RegTech is the “sleeping giant” of the financial services world, according to FCA Director of Innovation Nick Cook, who notes that while investments in the sector more than doubled between 2017 (in excess of £1.4 billion) and 2018 (in excess of £3.4 billion), several key challenges are still inhibiting the industry from reaching its full potential.
“RegTech, has been, in my opinion, a key ‘underserviced’ area of the Sandbox until now and another area where we have to think if the services we currently offer marry up to the needs of firms,” Cook said at the Chief Data Officer Exchange Financial Services conference in London last week.
A key struggle for RegTech solutions is making the step from Proof of Concept to Proof of Value – being able to demonstrate a compelling business case to potential users, develop trust in the solution, and justify the security, procurement risk and cost requirements that implementation might involve.
Another issue is the lack of access to high-quality synthetic data assets against which to test new technology solutions. The FCA currently exploring possibilities around a digital testing environment, what role it might be able to play in supporting its creation, and whether it could be scaled across multiple jurisdictions.
The regulator’s five-year old innovation initiative – including its Digital Sandbox, TechSprints, an advice unit and direct support – has already helped around 700 firms, while out of the 47 that have completed sandbox testing around 80% are now in commercial operation with another 60 in the pipeline. However, the regulator has expressed concern that while in some areas such as retail banking the Sandbox has been very successful, other sectors – such as asset management – have seen significantly fewer offerings, while no participant has yet managed to create “true disruption” at scale, and big/mid-size players are not yet using the Sandbox in the same way as the smaller start-ups.
The FCA therefore wants to broaden the variety coming into its Sandbox, in particular is by encouraging developments in certain areas of regulatory interest to create “desirable” outcomes. Cohort 6, which opened just a few weeks ago, specifically targets the use of technology to overcome regulatory challenges.
The regulator has also expressed interest in developing the potential of two specific areas of new technology.
The first, ‘federated learning’ or ‘travelling algorithms’, potentially allows entities to develop and refine more “performant” algorithms, which are trained on multiple data assets without bringing those assets together.

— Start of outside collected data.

Lemma plane_opposite_pair (R : realType) (m : 'rV[R]_2) (w : 'I_4 -> 'rV[R]_2) :
  m != 0 -> (forall i, w i != 0) ->
  (forall i, 2 * dot (w i) m < eucl_norm (w i) * eucl_norm m) ->
  (forall i j, i != j -> 2 * dot (w i) (w j) < eucl_norm (w i) * eucl_norm (w j)) ->
  exists a b, [/\ 0 < cross m (w a), cross m (w b) < 0 & cross (w a) (w b) < 0].
Proof.
move=> m0 w0 wm ww; have pi0 := pi_gt0 R.
have nw0 i : 0 < eucl_norm (w i) by rewrite eucl_norm_gt0.
have nwm0 i : 0 < eucl_norm (w i) * eucl_norm m by rewrite mulr_gt0 ?eucl_norm_gt0.
have /choice [t ht] := fun i => polar_frame m0 (w0 i).
have t_rng i : pi / 3 < t i < pi * 5 / 3.
  have [/andP [t0 t2] ct _] := ht i.
  suff /cos_lt_half_bounds : cos (t i) < 2^-1 by rewrite ger0_norm //; apply; lra.
  by rewrite -(ltr_pM2r (nwm0 i)) ct; have := wm i; lra.
have t_sep i j : i != j -> pi / 3 < `|t i - t j|.
  move=> ij; have [_ ci si] := ht i; have [_ cj sj] := ht j.
  have /andP [ti1 ti2] := t_rng i; have /andP [tj1 tj2] := t_rng j.
  suff /andP [] : pi / 3 < `|t i - t j| < pi * 5 / 3 by [].
  apply: cos_lt_half_bounds; first by apply/andP; split; lra.
  rewrite -(ltr_pM2r (mulr_gt0 (nw0 i) (nw0 j))) (polar_frame_dot m0 ci si cj sj).
  by have := ww i j ij; lra.
have [a [b ab]] := separated_spread (ltW (divr_gt0 pi0 (ltr0n _ 3))) t_sep.
have /andP [ta1 ta2] := t_rng a; have /andP [tb1 tb2] := t_rng b.
have [_ ca sa] := ht a; have [_ cb sb] := ht b.
exists a, b; split.
- by rewrite -sa mulr_gt0 //; apply: sin_gt0_pi; apply/andP; split; lra.
- by rewrite -sb pmulr_llt0 //; apply: sin_lt0_pi_2pi; apply/andP; split; lra.
rewrite -(polar_frame_cross m0 ca sa cb sb) pmulr_llt0 ?mulr_gt0 //.
by apply: sin_lt0_pi_2pi; apply/andP; split; lra.
Qed.

Lemma plane_four_infeasible (R : realType) (m : 'rV[R]_2) (w : 'I_4 -> 'rV[R]_2) :
  m != 0 -> (forall i, eucl_norm m < eucl_norm (w i)) ->
  (forall i, 2 * dot (w i) m < dot m m) ->
  (forall i j, i != j -> 2 * dot (w i) (w j) < eucl_norm (w i) * eucl_norm (w j)) ->
  (forall i j, i != j -> eucl_norm (w i) < eucl_norm (w i + w j - m)) -> False.
Proof.
move=> m0 mw wm ww shift.
have nm0 : 0 < eucl_norm m by rewrite eucl_norm_gt0.
have w0 i : w i != 0 by rewrite -eucl_norm_gt0 (lt_trans nm0 (mw i)).
have wm_wide i : 2 * dot (w i) m < eucl_norm (w i) * eucl_norm m.
  apply: lt_trans (wm i) _; rewrite -sqr_eucl_norm expr2 ltr_pM2r //.
have [a [b [A0 Sb0 ab_cross]]] := plane_opposite_pair m0 w0 wm_wide ww.
have ab_neq : a != b by apply: contraTneq Sb0 => <-; rewrite -leNgt ltW.
have rho0 : 0 < dot m m by rewrite -sqr_eucl_norm exprn_gt0.
set x := dot (w a) m; set y := dot (w b) m.
set A := cross m (w a) in A0; set B := - cross m (w b).
have B0 : 0 < B by rewrite oppr_gt0.
have cone : 0 < x * B + y * A.
  have : dot m m * cross (w a) (w b) < 0 by rewrite pmulr_rlt0.
  by rewrite cross_frame -/x -/y -/A /B; lra.
have frame u : dot m m * dot u u = dot u m ^+ 2 + cross m u ^+ 2.
  by rewrite dot_frame !expr2.
have frame_a : dot m m * dot (w a) (w a) = A ^+ 2 + x ^+ 2 by rewrite frame addrC.
have frame_b : dot m m * dot (w b) (w b) = B ^+ 2 + y ^+ 2.
  by rewrite frame addrC sqrrN.
have frame_ab : dot m m * dot (w a + w b - m) (w a + w b - m)
    = (A - B) ^+ 2 + (dot m m - x - y) ^+ 2.
  by rewrite frame dotBl dotDl crossB crossD crossvv -/x -/y -/A /B; ring.
apply: (cone_pair_infeasible A0 B0 (wm a) (wm b) cone).
- by rewrite -frame_a expr2 ltr_pM2l // -ltr_eucl_norm.
- by rewrite -frame_b expr2 ltr_pM2l // -ltr_eucl_norm.
- by rewrite -frame_a -frame_ab ler_pM2l // -ler_eucl_norm ltW // shift.
- rewrite -frame_b -frame_ab ler_pM2l // -ler_eucl_norm ltW // (addrC (w a)).
  by rewrite shift // eq_sym.
Qed.

Section WideFamilies.
Variables (R : realType) (d : nat).
Implicit Types u v : 'rV[R]_d.

Lemma dot_lt_of_dist u v : eucl_norm u < eucl_norm (u - v) -> 2 * dot u v < dot v v.
Proof. by rewrite ltr_eucl_norm dotBl !dotBr (dotC v u); lra. Qed.

Lemma dot_lt_norms u v : eucl_norm u < eucl_norm (u - v) ->
  eucl_norm v < eucl_norm (u - v) -> 2 * dot u v < eucl_norm u * eucl_norm v.
Proof.
move=> /dot_lt_of_dist uv; rewrite -(eucl_normN (u - v)) opprB => /dot_lt_of_dist.
rewrite dotC -!sqr_eucl_norm !expr2 in uv *.
have := eucl_norm_ge0 u; have := eucl_norm_ge0 v.
by case: (lerP (eucl_norm u) (eucl_norm v)) => ?; nra.
Qed.

Lemma kissing_config_of_wide r (V : 'I_r -> 'rV[R]_d) : (forall i, V i != 0) ->
  (forall i j, i != j -> 2 * dot (V i) (V j) <= eucl_norm (V i) * eucl_norm (V j)) ->
  kissing_config R d r.
Proof.
move=> V0 wide; have n0 i : 0 < eucl_norm (V i) by rewrite eucl_norm_gt0.
exists (fun i => (2 / eucl_norm (V i)) *: V i); split=> [i|i j ij].
  by rewrite eucl_normZ ger0_norm ?divfK ?gt_eqF ?divr_ge0 ?ltW.
rewrite -(ler_pXn2r (n := 2)) ?nnegrE ?eucl_norm_ge0 // sqr_eucl_norm.
rewrite !dotBl !dotBr !dotZl !dotZr (dotC (V j)) -!sqr_eucl_norm.
have := wide i j ij; have := n0 i; have := n0 j.
set a := eucl_norm (V i); set b := eucl_norm (V j); set p := dot (V i) (V j) => b0 a0 ab.
have -> : 2 / a * (2 / a * a ^+ 2) - 2 / a * (2 / b * p) -
    (2 / b * (2 / a * p) - 2 / b * (2 / b * b ^+ 2)) = 8 - 8 * (p / (a * b)).
  by field; rewrite !gt_eqF.
have : p / (a * b) <= 2^-1 by rewrite ler_pdivrMr ?mulr_gt0 //; lra.
by rewrite expr2; lra.
Qed.

Definition short_separated r (c : R) (V : 'I_r -> 'rV[R]_d) :=
  (forall i, 0 < eucl_norm (V i) < c) /\
  (forall i j, i != j -> c <= eucl_norm (V i - V j)).

Lemma short_separated_wide r c (V : 'I_r -> 'rV[R]_d) i j : short_separated c V ->
  i != j -> 2 * dot (V i) (V j) < eucl_norm (V i) * eucl_norm (V j).
Proof.
move=> [short sep] ij; have /andP [_ ci] := short i; have /andP [_ cj] := short j.
by apply: dot_lt_norms; apply: lt_le_trans (sep i j ij).
Qed.

Lemma short_separated_kissing r c (V : 'I_r -> 'rV[R]_d) :
  short_separated c V -> kissing_config R d r.
Proof.
move=> sepV; apply: (kissing_config_of_wide (V := V)) => [i|i j ij].
  by have /andP [Vi _] := sepV.1 i; rewrite -eucl_norm_gt0.
exact: ltW (short_separated_wide sepV ij).
Qed.

Definition shift_lengthens r (V : 'I_r -> 'rV[R]_d) :=
  forall i j k, eucl_norm (V j) < eucl_norm (V i) ->
    eucl_norm (V k) < eucl_norm (V k - V j + V i).

End WideFamilies.

Lemma plane_family_le4 (R : realType) r c (V : 'I_r -> 'rV[R]_2) :
  short_separated c V -> injective (fun i => eucl_norm (V i)) -> shift_lengthens V ->
  (r <= 4)%N.
Proof.
move=> sepV norm_inj shiftV; rewrite leqNgt; apply/negP => r5.
have [short sep] := sepV.
have r0 : (0 < r)%N by lia.
have [m _ m_min] := arg_minP (fun i => eucl_norm (V i)) (i0 := Ordinal r0) (P := xpredT) isT.
have r4 : (4 <= r.-1)%N by lia.
pose idx (k : 'I_4) : 'I_r := lift m (widen_ord r4 k).
have idx_neq k : idx k != m by rewrite eq_sym neq_lift.
have idx_inj : injective idx by move=> a b /lift_inj/(congr1 val) ab; apply: val_inj.
have m_lt k : eucl_norm (V m) < eucl_norm (V (idx k)).
  rewrite lt_neqAle m_min // andbT.
  by apply: contraNneq (idx_neq k) => /norm_inj ->.
apply: (plane_four_infeasible (m := V m) (w := fun k => V (idx k))) => [|//|k|a b ab|a b ab].
- by have /andP [] := short m; rewrite eucl_norm_gt0.
- apply: dot_lt_of_dist; have /andP [_ ck] := short (idx k).
  exact: lt_le_trans ck (sep _ _ (idx_neq k)).
- by apply: short_separated_wide sepV _; rewrite (inj_eq idx_inj).
- by rewrite addrAC; apply: shiftV.
Qed.

Local Open Scope classical_set_scope.

Section KroneckerDisplacements.
Variables (R : realType) (d : nat) (B : 'M[R]_d) (alpha : 'rV[R]_d).
Local Notation L := (lattice_of B).

Lemma lattice_ofN l : L l -> L (- l).
Proof.
case=> z ->; exists (fun i => - z i); rewrite -sumrN.
by apply: eq_bigr => i _; rewrite intrN scaleNr.
Qed.

Lemma lattice_ofD l l' : L l -> L l' -> L (l + l').
Proof.
case=> z -> [z' ->]; exists (fun i => z i + z' i); rewrite -big_split.
by apply: eq_bigr => i _; rewrite intrD scalerDl.
Qed.

Definition in_coset (z : int) v := exists2 l, L l & v = z%:~R *: alpha + l.

Lemma in_cosetD z z' v v' : in_coset z v -> in_coset z' v' -> in_coset (z + z') (v + v').
Proof.
case=> l Ll -> [l' Ll' ->]; exists (l + l'); first exact: lattice_ofD.
by rewrite intrD scalerDl addrACA.
Qed.

Lemma in_cosetN z v : in_coset z v -> in_coset (- z) (- v).
Proof.
case=> l Ll ->; exists (- l); first exact: lattice_ofN.
by rewrite intrN scaleNr opprD.
Qed.

Lemma in_cosetB z z' v v' : in_coset z v -> in_coset z' v' -> in_coset (z - z') (v - v').
Proof. by move=> cv cv'; apply/in_cosetD/in_cosetN. Qed.

Definition displacements (t : nat) : set R :=
  [set r | exists (j : nat) (l : 'rV[R]_d),
     [/\ (j <= t)%N, L l, r = eucl_norm (j%:R *: alpha + l) & 0 < r]].

Definition min_disp t := inf (displacements t).

Hypothesis L_nontrivial : exists2 l, L l & l != 0.

Lemma displacements_neq0 t : displacements t !=set0.
Proof.
case: L_nontrivial => l Ll l0; exists (eucl_norm l), 0%N, l.
by rewrite scale0r add0r eucl_norm_gt0.
Qed.

Lemma min_disp_le t r : displacements t r -> min_disp t <= r.
Proof. by apply: ge_inf; exists 0 => _ [j [l [_ _ -> /ltW]]]. Qed.

Lemma le_min_disp s t : (s <= t)%N -> min_disp t <= min_disp s.
Proof.
move=> st; apply: lb_le_inf (displacements_neq0 s) _ => _ [j [l [js Ll -> v0]]].
by apply: min_disp_le; exists j, l; split => //; apply: leq_trans st.
Qed.

Lemma displacements_coset z v t : (`|z| <= t)%N -> in_coset z v -> 0 < eucl_norm v ->
  displacements t (eucl_norm v).
Proof.
move=> zt [l Ll ->]; case: z zt => n /= nt v0; first by exists n, l.
have e : eucl_norm ((Negz n)%:~R *: alpha + l) = eucl_norm (n.+1%:R *: alpha + - l).
  by rewrite -eucl_normN opprD NegzE intrN scaleNr opprK.
by exists n.+1, (- l); split => //; apply: lattice_ofN.
Qed.

Lemma min_disp_le_coset z v t : (`|z| <= t)%N -> in_coset z v -> v != 0 ->
  min_disp t <= eucl_norm v.
Proof.
by rewrite -eucl_norm_gt0 => zt cv v0; apply/min_disp_le/(displacements_coset zt).
Qed.

Lemma min_disp_drop k : (0 < k)%N -> min_disp k < min_disp k.-1 ->
  exists2 v, in_coset k v & 0 < eucl_norm v < min_disp k.-1.
Proof.
move=> k0 /(inf_lt (displacements_neq0 k)) [_ [j [l [jk Ll -> v0]]] vk].
have [jk'|kj] := ltnP j k.
  have : min_disp k.-1 <= eucl_norm (j%:R *: alpha + l).
    by apply: min_disp_le; exists j, l; split => //; lia.
  by lra.
have jk_eq : j = k by lia.
by rewrite jk_eq in v0 vk; exists (k%:R *: alpha + l); [exists l | rewrite v0].
Qed.

Lemma nn_dist_min_disp N n : (1 <= n <= N)%N ->
  nn_dist L alpha N n = min_disp (maxn n.-1 (N - n)).
Proof.
move=> n_rng; congr inf; apply/seteqP; split => r.
  case=> m [l [m_rng Ll -> v0]]; apply: (displacements_coset (z := m%:Z - n%:Z)) => //.
    by lia.
  by exists l; rewrite // intrB.
case=> j [l [jt Ll -> v0]].
have [jn|jn] := leqP j (N - n).
  exists (n + j)%N, l; split => //; first lia.
  by rewrite natrD addrAC subrr add0r.
exists (n - j)%N, (- l); split => //; [lia | exact: lattice_ofN |].
rewrite natrB; last lia.
by rewrite (_ : n%:R - j%:R - n%:R = - j%:R :> R) ?scaleNr -?opprD ?eucl_normN //; ring.
Qed.

Definition drop_vector (k : nat) v :=
  [/\ in_coset k v, 0 < eucl_norm v & eucl_norm v < min_disp k.-1].

Lemma drop_vector_exists k : (0 < k)%N -> min_disp k != min_disp k.-1 ->
  exists v, drop_vector k v.
Proof.
move=> k0 drop; have [|v cv /andP [v0 vk]] := min_disp_drop k0.
  by rewrite lt_neqAle drop le_min_disp // leq_pred.
by exists v.
Qed.

Lemma drop_vector_ge k v : drop_vector k v -> min_disp k <= eucl_norm v.
Proof. by case=> cv v0 _; apply: min_disp_le_coset cv _; rewrite // -eucl_norm_gt0. Qed.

The second area is ‘complex scenario modelling and scenario simulation’, which uses graph analytics, behavioural science and deep learning to model relationships, connections and behaviours in financial markets, which can then be tested against various simulations and scenarios. The technology in theory could be used to help regulators better understand the impact of planned policy interventions, while it could also assist firms to ensure their products do not present any unintended risks to their clients.
“In this age of rapidly developing and accelerating change in financial services, it’s important for regulators to understand that technology is both the architect of, but also the solution to, the new challenges we face,” stressed Cook. “We must embrace innovation in order to shape it.”